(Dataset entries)
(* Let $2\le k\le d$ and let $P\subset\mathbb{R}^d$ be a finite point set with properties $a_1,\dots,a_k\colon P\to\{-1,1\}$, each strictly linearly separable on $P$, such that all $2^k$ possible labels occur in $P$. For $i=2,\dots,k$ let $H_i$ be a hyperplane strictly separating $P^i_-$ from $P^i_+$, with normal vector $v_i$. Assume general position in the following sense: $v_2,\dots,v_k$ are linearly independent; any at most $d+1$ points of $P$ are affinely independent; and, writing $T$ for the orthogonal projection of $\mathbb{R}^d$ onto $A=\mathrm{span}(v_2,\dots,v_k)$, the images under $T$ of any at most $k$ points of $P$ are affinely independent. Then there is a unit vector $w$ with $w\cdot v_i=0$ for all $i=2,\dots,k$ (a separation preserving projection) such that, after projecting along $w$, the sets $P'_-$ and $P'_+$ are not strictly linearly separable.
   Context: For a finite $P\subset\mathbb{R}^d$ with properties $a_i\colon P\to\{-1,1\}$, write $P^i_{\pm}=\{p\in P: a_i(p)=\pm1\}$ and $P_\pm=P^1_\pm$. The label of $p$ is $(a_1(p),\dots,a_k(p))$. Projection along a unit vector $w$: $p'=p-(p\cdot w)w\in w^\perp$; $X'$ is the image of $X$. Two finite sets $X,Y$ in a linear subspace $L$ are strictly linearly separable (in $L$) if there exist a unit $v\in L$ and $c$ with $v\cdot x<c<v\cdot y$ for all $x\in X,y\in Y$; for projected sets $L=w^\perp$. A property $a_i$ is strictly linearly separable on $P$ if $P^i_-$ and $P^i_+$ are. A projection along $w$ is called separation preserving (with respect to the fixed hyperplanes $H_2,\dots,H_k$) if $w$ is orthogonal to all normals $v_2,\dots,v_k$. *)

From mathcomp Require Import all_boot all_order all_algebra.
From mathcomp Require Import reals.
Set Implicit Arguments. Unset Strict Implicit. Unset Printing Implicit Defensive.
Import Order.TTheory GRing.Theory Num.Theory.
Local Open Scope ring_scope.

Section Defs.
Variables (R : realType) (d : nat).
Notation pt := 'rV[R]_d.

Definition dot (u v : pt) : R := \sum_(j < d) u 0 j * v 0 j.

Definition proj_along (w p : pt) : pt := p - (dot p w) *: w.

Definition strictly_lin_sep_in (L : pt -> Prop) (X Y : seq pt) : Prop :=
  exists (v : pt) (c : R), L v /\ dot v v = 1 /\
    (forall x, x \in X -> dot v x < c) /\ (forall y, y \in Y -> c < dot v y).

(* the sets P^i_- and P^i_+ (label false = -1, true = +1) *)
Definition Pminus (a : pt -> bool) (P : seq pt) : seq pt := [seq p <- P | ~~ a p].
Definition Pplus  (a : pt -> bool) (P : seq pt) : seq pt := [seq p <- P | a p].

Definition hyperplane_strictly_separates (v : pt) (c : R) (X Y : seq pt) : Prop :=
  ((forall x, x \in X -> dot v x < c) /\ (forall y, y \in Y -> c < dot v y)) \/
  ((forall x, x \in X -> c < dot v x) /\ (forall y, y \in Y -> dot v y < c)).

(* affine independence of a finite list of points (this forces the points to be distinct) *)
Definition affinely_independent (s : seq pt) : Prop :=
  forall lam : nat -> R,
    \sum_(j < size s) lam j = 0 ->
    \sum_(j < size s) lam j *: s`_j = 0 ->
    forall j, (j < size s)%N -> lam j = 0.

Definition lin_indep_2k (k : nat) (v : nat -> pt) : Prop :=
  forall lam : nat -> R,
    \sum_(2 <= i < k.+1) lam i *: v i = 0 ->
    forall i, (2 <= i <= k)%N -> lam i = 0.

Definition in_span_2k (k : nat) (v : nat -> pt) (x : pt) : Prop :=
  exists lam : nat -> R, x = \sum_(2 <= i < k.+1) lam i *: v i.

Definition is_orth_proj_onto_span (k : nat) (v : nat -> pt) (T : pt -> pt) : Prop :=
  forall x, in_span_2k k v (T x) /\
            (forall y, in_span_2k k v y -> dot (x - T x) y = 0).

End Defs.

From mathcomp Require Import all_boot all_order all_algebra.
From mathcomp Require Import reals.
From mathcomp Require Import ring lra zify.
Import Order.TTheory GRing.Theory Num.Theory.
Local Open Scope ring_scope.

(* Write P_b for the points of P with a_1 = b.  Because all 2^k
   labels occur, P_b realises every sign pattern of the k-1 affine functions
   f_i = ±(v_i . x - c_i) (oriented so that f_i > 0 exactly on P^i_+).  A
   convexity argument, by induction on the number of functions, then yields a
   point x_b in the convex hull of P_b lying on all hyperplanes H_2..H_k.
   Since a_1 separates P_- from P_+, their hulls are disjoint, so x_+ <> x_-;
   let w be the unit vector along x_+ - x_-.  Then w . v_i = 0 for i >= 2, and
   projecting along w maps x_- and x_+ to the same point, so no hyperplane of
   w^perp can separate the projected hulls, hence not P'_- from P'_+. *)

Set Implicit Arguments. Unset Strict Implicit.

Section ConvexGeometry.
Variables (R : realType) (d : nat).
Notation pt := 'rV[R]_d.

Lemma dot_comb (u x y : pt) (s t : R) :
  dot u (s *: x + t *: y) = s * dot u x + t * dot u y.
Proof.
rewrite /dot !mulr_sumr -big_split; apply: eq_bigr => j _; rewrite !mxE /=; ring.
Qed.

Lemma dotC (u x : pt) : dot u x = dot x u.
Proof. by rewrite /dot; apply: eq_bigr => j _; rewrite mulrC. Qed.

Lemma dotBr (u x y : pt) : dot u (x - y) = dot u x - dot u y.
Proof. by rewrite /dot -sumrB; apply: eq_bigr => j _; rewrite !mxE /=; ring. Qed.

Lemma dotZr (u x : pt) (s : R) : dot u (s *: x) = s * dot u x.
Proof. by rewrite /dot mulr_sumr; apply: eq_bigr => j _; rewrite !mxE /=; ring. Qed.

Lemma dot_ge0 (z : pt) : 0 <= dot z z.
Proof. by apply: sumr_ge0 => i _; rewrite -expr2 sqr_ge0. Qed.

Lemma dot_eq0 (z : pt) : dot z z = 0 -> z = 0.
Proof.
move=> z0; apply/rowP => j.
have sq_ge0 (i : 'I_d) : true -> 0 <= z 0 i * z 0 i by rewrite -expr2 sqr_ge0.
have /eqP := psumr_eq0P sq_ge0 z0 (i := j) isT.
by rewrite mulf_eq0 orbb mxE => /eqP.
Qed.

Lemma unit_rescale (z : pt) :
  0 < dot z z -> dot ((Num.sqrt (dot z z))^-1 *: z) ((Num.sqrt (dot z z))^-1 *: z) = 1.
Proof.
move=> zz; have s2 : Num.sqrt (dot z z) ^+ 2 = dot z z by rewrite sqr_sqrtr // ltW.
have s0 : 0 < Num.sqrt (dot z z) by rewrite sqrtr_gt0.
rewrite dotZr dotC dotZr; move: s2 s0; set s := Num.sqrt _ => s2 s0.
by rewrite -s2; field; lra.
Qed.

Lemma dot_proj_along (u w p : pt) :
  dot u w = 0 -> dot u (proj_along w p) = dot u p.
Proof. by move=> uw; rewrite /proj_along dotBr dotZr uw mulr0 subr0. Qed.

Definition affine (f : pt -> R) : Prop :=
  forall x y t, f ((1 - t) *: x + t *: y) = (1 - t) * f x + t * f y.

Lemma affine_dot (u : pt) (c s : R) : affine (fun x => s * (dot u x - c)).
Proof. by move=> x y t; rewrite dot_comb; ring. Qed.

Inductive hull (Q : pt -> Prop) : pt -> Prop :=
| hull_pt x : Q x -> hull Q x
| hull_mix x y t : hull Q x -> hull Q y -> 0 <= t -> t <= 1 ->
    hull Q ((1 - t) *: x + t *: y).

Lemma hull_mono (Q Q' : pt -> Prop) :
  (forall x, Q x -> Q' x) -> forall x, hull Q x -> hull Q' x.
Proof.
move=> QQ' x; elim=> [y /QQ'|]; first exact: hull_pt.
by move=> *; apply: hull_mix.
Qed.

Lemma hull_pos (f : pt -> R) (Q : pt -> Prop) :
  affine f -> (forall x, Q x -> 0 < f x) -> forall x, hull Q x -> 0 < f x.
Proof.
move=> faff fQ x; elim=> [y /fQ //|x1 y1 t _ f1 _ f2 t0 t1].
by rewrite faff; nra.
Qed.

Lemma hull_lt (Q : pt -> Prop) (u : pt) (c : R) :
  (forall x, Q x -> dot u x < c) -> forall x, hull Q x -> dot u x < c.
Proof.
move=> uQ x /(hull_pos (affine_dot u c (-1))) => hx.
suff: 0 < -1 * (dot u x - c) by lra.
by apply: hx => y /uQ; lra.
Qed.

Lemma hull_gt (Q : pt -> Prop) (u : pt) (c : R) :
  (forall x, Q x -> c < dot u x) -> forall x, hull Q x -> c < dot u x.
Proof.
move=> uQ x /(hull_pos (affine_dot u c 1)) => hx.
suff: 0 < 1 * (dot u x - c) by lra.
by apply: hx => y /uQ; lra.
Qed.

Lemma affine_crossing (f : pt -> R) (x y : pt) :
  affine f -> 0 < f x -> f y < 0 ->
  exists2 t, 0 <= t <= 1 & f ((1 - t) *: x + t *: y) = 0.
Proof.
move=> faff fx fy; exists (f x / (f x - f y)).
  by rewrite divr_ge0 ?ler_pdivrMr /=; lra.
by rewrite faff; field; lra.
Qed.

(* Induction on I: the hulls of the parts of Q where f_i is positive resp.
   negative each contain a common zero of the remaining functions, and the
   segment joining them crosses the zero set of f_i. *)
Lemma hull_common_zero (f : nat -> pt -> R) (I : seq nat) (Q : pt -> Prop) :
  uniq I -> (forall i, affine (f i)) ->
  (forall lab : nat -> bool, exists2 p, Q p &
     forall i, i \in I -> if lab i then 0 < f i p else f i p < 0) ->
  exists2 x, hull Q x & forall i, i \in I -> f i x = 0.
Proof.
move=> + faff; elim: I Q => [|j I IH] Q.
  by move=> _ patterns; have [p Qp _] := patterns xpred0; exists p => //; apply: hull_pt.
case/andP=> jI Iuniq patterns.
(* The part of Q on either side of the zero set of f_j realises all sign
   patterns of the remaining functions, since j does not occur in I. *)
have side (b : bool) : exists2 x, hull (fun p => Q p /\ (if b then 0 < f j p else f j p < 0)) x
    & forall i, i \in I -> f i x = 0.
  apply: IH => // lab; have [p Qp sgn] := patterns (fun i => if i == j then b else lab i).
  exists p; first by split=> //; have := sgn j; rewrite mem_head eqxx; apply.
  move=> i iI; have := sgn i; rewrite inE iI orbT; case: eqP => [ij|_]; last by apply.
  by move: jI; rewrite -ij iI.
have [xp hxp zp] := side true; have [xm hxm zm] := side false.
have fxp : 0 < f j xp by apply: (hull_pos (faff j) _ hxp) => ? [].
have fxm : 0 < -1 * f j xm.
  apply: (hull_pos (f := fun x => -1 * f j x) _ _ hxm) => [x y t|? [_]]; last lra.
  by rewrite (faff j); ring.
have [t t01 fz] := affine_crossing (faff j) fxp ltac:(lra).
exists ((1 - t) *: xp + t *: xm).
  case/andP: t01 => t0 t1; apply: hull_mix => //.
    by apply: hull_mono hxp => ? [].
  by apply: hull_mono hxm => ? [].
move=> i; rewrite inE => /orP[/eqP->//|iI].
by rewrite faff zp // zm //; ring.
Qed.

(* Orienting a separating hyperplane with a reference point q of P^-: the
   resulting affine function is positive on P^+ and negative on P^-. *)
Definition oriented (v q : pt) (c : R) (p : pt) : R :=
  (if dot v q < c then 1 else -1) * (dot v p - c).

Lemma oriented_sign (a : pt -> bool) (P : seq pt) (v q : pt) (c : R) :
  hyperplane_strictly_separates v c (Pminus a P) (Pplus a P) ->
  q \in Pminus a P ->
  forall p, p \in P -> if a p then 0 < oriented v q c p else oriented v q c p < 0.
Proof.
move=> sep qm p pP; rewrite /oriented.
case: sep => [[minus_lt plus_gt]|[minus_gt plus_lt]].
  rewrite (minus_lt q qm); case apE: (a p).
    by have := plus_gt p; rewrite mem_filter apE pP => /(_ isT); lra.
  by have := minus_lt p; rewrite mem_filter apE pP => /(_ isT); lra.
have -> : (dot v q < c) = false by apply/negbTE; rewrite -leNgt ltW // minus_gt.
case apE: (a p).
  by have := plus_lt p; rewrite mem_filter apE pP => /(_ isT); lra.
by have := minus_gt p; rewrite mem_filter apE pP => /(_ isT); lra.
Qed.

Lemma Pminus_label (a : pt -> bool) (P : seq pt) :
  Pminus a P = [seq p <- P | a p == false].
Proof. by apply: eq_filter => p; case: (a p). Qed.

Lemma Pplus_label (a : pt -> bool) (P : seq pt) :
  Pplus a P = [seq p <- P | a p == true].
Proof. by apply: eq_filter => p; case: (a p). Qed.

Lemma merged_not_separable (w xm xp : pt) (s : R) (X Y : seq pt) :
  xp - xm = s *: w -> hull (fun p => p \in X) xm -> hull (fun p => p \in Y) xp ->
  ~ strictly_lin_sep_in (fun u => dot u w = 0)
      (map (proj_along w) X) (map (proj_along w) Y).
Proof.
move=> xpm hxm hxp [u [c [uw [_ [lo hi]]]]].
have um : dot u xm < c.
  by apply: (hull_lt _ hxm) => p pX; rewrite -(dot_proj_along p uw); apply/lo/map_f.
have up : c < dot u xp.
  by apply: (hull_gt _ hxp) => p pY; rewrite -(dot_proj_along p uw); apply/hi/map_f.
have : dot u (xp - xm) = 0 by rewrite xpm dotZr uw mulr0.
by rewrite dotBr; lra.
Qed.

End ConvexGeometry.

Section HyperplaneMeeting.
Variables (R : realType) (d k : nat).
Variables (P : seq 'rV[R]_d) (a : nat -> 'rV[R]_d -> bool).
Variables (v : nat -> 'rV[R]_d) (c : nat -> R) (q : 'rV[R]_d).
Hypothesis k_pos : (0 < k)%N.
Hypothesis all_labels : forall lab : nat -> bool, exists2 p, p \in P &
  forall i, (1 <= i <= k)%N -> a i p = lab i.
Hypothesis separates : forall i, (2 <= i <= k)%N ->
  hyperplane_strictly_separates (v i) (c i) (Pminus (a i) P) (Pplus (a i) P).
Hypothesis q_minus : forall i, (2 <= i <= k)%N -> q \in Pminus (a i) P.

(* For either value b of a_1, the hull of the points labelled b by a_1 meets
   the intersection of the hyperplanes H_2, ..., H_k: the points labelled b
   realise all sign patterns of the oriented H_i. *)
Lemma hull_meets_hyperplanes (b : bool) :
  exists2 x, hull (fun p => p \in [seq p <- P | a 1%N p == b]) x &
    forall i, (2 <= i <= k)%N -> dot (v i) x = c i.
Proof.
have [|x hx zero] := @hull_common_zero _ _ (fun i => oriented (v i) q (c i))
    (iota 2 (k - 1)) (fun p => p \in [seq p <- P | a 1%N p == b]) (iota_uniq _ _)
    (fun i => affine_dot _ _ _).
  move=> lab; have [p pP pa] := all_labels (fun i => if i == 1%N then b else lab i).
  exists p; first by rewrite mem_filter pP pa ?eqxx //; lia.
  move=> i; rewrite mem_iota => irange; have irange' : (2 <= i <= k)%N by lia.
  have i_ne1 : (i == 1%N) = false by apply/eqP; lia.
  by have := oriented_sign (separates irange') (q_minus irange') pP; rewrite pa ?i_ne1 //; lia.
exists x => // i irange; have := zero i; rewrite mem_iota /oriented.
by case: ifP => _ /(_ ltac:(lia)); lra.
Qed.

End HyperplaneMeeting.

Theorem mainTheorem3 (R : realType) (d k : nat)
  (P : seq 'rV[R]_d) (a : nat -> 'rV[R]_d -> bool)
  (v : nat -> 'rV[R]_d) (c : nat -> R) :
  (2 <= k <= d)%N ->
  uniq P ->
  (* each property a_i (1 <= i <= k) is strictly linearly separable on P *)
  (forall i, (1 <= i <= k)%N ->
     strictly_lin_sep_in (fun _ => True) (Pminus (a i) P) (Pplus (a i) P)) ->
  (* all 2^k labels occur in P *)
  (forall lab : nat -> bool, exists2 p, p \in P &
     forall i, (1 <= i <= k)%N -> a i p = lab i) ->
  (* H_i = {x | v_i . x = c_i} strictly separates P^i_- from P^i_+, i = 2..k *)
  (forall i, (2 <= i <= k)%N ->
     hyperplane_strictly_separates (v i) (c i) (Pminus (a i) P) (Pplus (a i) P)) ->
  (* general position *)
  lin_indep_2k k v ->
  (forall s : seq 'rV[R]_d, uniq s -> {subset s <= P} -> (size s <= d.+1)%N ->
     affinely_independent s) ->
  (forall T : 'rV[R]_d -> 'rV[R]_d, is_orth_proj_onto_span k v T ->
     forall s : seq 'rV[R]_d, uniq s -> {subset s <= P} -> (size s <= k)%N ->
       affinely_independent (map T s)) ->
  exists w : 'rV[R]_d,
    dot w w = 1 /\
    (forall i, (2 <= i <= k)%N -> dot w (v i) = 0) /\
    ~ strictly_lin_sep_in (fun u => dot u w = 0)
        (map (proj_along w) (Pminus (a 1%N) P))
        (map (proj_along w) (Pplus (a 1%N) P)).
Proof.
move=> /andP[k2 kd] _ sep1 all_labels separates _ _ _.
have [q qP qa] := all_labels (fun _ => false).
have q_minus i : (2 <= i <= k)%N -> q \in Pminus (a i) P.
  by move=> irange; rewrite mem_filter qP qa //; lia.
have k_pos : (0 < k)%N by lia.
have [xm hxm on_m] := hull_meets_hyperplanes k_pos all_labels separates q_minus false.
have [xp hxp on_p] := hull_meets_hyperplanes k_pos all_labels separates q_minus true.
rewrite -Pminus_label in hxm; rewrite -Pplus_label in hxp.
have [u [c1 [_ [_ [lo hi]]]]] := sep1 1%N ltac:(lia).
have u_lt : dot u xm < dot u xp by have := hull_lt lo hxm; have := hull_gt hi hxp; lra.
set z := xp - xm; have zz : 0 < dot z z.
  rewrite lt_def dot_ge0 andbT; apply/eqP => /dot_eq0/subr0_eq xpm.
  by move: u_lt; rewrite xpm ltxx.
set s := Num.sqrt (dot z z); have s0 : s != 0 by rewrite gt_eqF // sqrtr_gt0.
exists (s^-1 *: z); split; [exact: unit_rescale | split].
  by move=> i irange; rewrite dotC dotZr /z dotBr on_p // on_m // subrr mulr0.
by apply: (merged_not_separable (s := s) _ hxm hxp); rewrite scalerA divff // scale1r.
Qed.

### ACTIVITY
Among the records above, a stretch begins at the line containing "End ConvexGeometry." and ends at the line containing "Hypothesis all_labels : forall". Restate that stretch word for word, and nothing else.

### ANSWER AREA
End ConvexGeometry.

Section HyperplaneMeeting.
Variables (R : realType) (d k : nat).
Variables (P : seq 'rV[R]_d) (a : nat -> 'rV[R]_d -> bool).
Variables (v : nat -> 'rV[R]_d) (c : nat -> R) (q : 'rV[R]_d).
Hypothesis k_pos : (0 < k)%N.
Hypothesis all_labels : forall lab : nat -> bool, exists2 p, p \in P &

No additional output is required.